Alcance del abordaje

Abordaje específico de uno o varios derechos

Tamaño de la institución

Entre 50 y 100 empleados


Estructura e historicidad


Estructura Institucional

A Comissão da Anistia tem vínculo direto ao Gabinete do Ministro da Justiça e é composta por 20 a 24 conselheiros nomeados pelo Ministro de Estado da Justiça e conta com o suporte de cerca de oitenta (80) funcionários.


Responsables

Paulo Abrão Pires Júnior - Presidente da Comissão de Anistia

Fuente: Arquivo do Ministério da Justiça

O atual Presidente da Comissão de Anistia é o Doutor Paulo Abrão, que exerce o cargo desde 2007. Paulo Abrão foi precedido por Marcello Lavenère Machado (gestão 2003-2006) e José Alves Paulino (2001-2002).

Paulo Abrão é graduado, Mestre e Doutor em Direito, com especialização em Direitos Humanos e Processos de Democratização. Além de ser professor universitário, Paulo também exerceu o cargo de Secretário Nacional de Justiça e Presidente do Conselho Nacional de Refugiados (CONARE). Integrou o grupo de trabalho e redigiu a lei de criação da Comissão Nacional da Verdade. Depois de o cargo de Secretario Nacional de Justiça em janeiro de 2015, Paulo Abrão assumiu a Secretaria Executiva do Instituto de Políticas Públicas em Direitos Humanos do MERCOSUL.

Quase todos os atuais membros da Comissão têm formação e trajetória profissional na área jurídica. Muitos deles possuem cargos públicos ou atuaram como consultores ou assessores junto a este setor; alguns se desempenham na área acadêmica e outros militam ou trabalham junto à sociedade civil, em causas sociais e/ou de direitos humanos.
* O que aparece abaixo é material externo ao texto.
(* Let $\mathcal D[t]\subset\mathcal H\subset\mathcal D^\times[t^\times]$ be a rigged Hilbert space with $\mathcal D[t]$ a reflexive Fréchet space, $(X,\mu)$ a $\sigma$-finite measure space, $\omega,\theta$ Riesz distribution bases, and $m:X\to\mathbb C$ measurable such that $x\mapsto m(x)\langle f,\check\omega_x\rangle\langle\check\theta_x,g\rangle$ is integrable for all $f,g\in\mathcal H$. If there exists $C>0$ with $|m(x)|\ge C$ for all $x\in X$, then $M_{m,\omega,\theta}$ is injective and its inverse is bounded, i.e. there is $c>0$ with $\|M_{m,\omega,\theta}f\|\ge c\|f\|$ for all $f\in D(M_{m,\omega,\theta})$.
   Context: Rigged Hilbert space: $\mathcal D$ dense subspace of Hilbert space $\mathcal H$ with a locally convex topology finer than the norm topology, $\mathcal D^\times$ its conjugate dual, $\mathcal H\subset\mathcal D^\times$, pairing extending the inner product, $\langle f,F\rangle:=\overline{\langle F,f\rangle}$. Distribution frame: weakly measurable $\omega:X\to\mathcal D^\times$ with $A\|f\|^2\le\int_X|\langle f,\omega_x\rangle|^2d\mu\le B\|f\|^2$ for $f\in\mathcal D$. $\omega$ is $\mu$-independent if the only measurable $\xi$ with $\int_X\xi(x)\langle g,\omega_x\rangle d\mu=0$ for all $g\in\mathcal D$ is $\xi=0$ a.e. A Riesz distribution basis is a $\mu$-independent distribution frame. For such maps, $f\mapsto\langle f,\omega_\cdot\rangle$ extends by continuity to a bounded operator $\mathcal H\to L^2(X,\mu)$ and $\langle f,\check\omega_x\rangle$ denotes the value at $x$ of this extension applied to $f\in\mathcal H$; similarly for $\check\theta$. Distribution multiplier $M_{m,\omega,\theta}$: domain is the set of $f\in\mathcal D$ such that $\int_X m(x)\langle f,\omega_x\rangle\langle\theta_x,g\rangle d\mu$ converges for all $g\in\mathcal D$ and is bounded in $g$ w.r.t. the $\mathcal H$-norm; $M_{m,\omega,\theta}f\in\mathcal H$ is its Riesz representative. *)

From HB Require Import structures.
From mathcomp Require Import all_boot all_order all_algebra.
From mathcomp Require Import all_classical all_reals all_analysis.
From mathcomp Require Export complex.
Set Implicit Arguments. Unset Strict Implicit. Unset Printing Implicit Defensive.
Import Order.TTheory GRing.Theory Num.Theory.
Local Open Scope ring_scope.
Local Open Scope classical_set_scope.

Definition cabs (R : realType) (z : R[i]) : R :=
  Num.sqrt (complex.Re z ^+ 2 + complex.Im z ^+ 2).

Section Hilbert.
Context {R : realType} {H : lmodType R[i]}.

Definition is_inner_product (ip : H -> H -> R[i]) : Prop :=
  [/\ forall (a : R[i]) (x y z : H), ip (a *: x + y) z = a * ip x z + ip y z,
      forall x y : H, ip y x = (ip x y)^*,
      forall x : H, 0 <= ip x x
    & forall x : H, ip x x = 0 -> x = 0].

Definition hnorm (ip : H -> H -> R[i]) (h : H) : R :=
  Num.sqrt (complex.Re (ip h h)).

Definition is_hilbert (ip : H -> H -> R[i]) : Prop :=
  is_inner_product ip /\
  forall u : nat -> H,
    (forall e : R, 0 < e -> exists N, forall k l, (N <= k)%N -> (N <= l)%N ->
        hnorm ip (u k - u l) < e) ->
    exists h : H, forall e : R, 0 < e -> exists N, forall k, (N <= k)%N ->
        hnorm ip (u k - h) < e.
End Hilbert.

(* Fréchet spaces, presented by a countable separating family of        *)
(* seminorms p_0, p_1, ... (the topology t of D is the one generated by *)
(* them), complete for that family.                                      *)
Section Frechet.
Context {R : realType} {D : lmodType R[i]}.

Definition is_seminorm (s : D -> R) : Prop :=
  [/\ forall x, 0 <= s x,
      forall x y, s (x + y) <= s x + s y
    & forall (a : R[i]) x, s (a *: x) = cabs a * s x].

(* max of the first n+1 seminorms: basic continuous seminorms of t *)
Definition qmax (p : nat -> D -> R) (n : nat) (x : D) : R :=
  \big[Num.max/0]_(k < n.+1) p k x.

Definition is_frechet (p : nat -> D -> R) : Prop :=
  [/\ forall n, is_seminorm (p n),
      forall x, (forall n, p n x = 0) -> x = 0
    & forall u : nat -> D,
      (forall n (e : R), 0 < e -> exists N, forall k l, (N <= k)%N -> (N <= l)%N ->
          qmax p n (u k - u l) < e) ->
      exists f : D, forall n (e : R), 0 < e -> exists N, forall k, (N <= k)%N ->
          qmax p n (u k - f) < e].

(* D^x : continuous conjugate-linear functionals on D[t].
   For F in D^x and f in D we write <F,f> := F f and <f,F> := (F f)^*. *)
Definition in_cdual (p : nat -> D -> R) (F : D -> R[i]) : Prop :=
  (forall (a : R[i]) x y, F (a *: x + y) = a^* * F x + F y) /\
  exists n (K : R), forall x, cabs (F x) <= K * qmax p n x.

Definition t_bounded (p : nat -> D -> R) (B : set D) : Prop :=
  forall n, exists K : R, forall x, B x -> qmax p n x <= K.

(* Reflexivity: every linear functional on D^x which is continuous for the
   strong dual topology t^x (uniform convergence on t-bounded sets) is the
   evaluation at some element of D.  (For Fréchet spaces, which are
   barrelled, semi-reflexivity is equivalent to reflexivity.) *)
Definition is_reflexive (p : nat -> D -> R) : Prop :=
  forall Phi : (D -> R[i]) -> R[i],
    (forall (a : R[i]) F G, in_cdual p F -> in_cdual p G ->
        Phi (fun x => a * F x + G x) = a * Phi F + Phi G) ->
    (exists (B : set D) (K : R), t_bounded p B /\
       forall F, in_cdual p F -> forall r : R,
         (forall x, B x -> cabs (F x) <= r) -> cabs (Phi F) <= K * r) ->
    exists f : D, forall F, in_cdual p F -> Phi F = F f.
End Frechet.

(* Rigged Hilbert space D[t] ⊂ H ⊂ D^x[t^x]: D is identified with its    *)
(* image under the injective linear map iota : D -> H, which has dense   *)
(* range and is continuous from t to the norm topology (t is finer).     *)
Definition is_rigged (R : realType) (D H : lmodType R[i])
  (p : nat -> D -> R) (ip : H -> H -> R[i]) (iota : D -> H) : Prop :=
  [/\ is_hilbert ip /\ is_frechet p,
      forall (a : R[i]) x y, iota (a *: x + y) = a *: iota x + iota y,
      injective iota,
      forall (h : H) (e : R), 0 < e -> exists f : D, hnorm ip (h - iota f) < e
    & exists n (K : R), forall f, hnorm ip (iota f) <= K * qmax p n f].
Historicidad Institucional

A Comissão de Anistia foi criada por Medida Provisória em agosto de 2001 com o objetivo de reparar as vítimas de atos de exceção, arbítrio e violações aos direitos humanos cometidas entre 1946 e 1988. Nos seus primeiros seis anos de existência, a comissão se dedicou quase que exclusivamente a examinar e julgar requerimentos de reparação econômica.

A competência estabelecida no início do mandato da Comissão, o julgamento de requerimentos de anistia política, teve seu escopo ampliado com a criação, a partir de 2007, do projeto do Memorial da Anistia Política no Brasil e do eixo de ações educativas e culturais, cujo objetivo é estimular a formulação, gestão e fomento de políticas públicas para a promoção da justiça de transição, preservação da memória e educação para a democracia e o Estado de Direito (Relatório de Gestão MJ 2012).


Funciones y Agenda

Funciones

As funções formais da Instituição estão definidas em sua lei de criação (Lei No. 10.559/2002) e demais instrumentos normativos que regulam suas competências. Sua principal função é a análise de requerimentos de anistia política. A Portaria MJ No.858/2008, que aprova a criação do Projeto Memorial da Anistia Política no Brasil, acrescenta a competência da Comissão de preservar e difundir a memória política dos períodos de repressão.

Atualmente, a Comissão da Anistia mantém uma Política Nacional de Justiça de Transição focada em quatro eixos: (a) Reparação econômica; (b) Reparação Moral e simbólica; (c) Reparação Psicológica; e (d) Reparação coletiva.

Líneas de acción

• Capacitación
• Prevención
• Programas específicos
• Investigación aplicada /académica
• Comunicación y difusión
• Producción de Información
• Construcción de redes

Articulación institucional y cooperación técnica

Articulação Institucional

A Comissão de Anistia realiza ações de articulação juntamente aos demais órgãos públicos destinados a temas de memória e verdade com a finalidade de colaboração mútua para o cumprimento de objetivos compartilhados (principalmente os previstos no Programa de Nacional de Direitos Humanos – PNDH-3), além de parcerias e projetos de cooperação com organismos internacionais, entidades da sociedade civil e universidades para a implementação de políticas educativas de memória.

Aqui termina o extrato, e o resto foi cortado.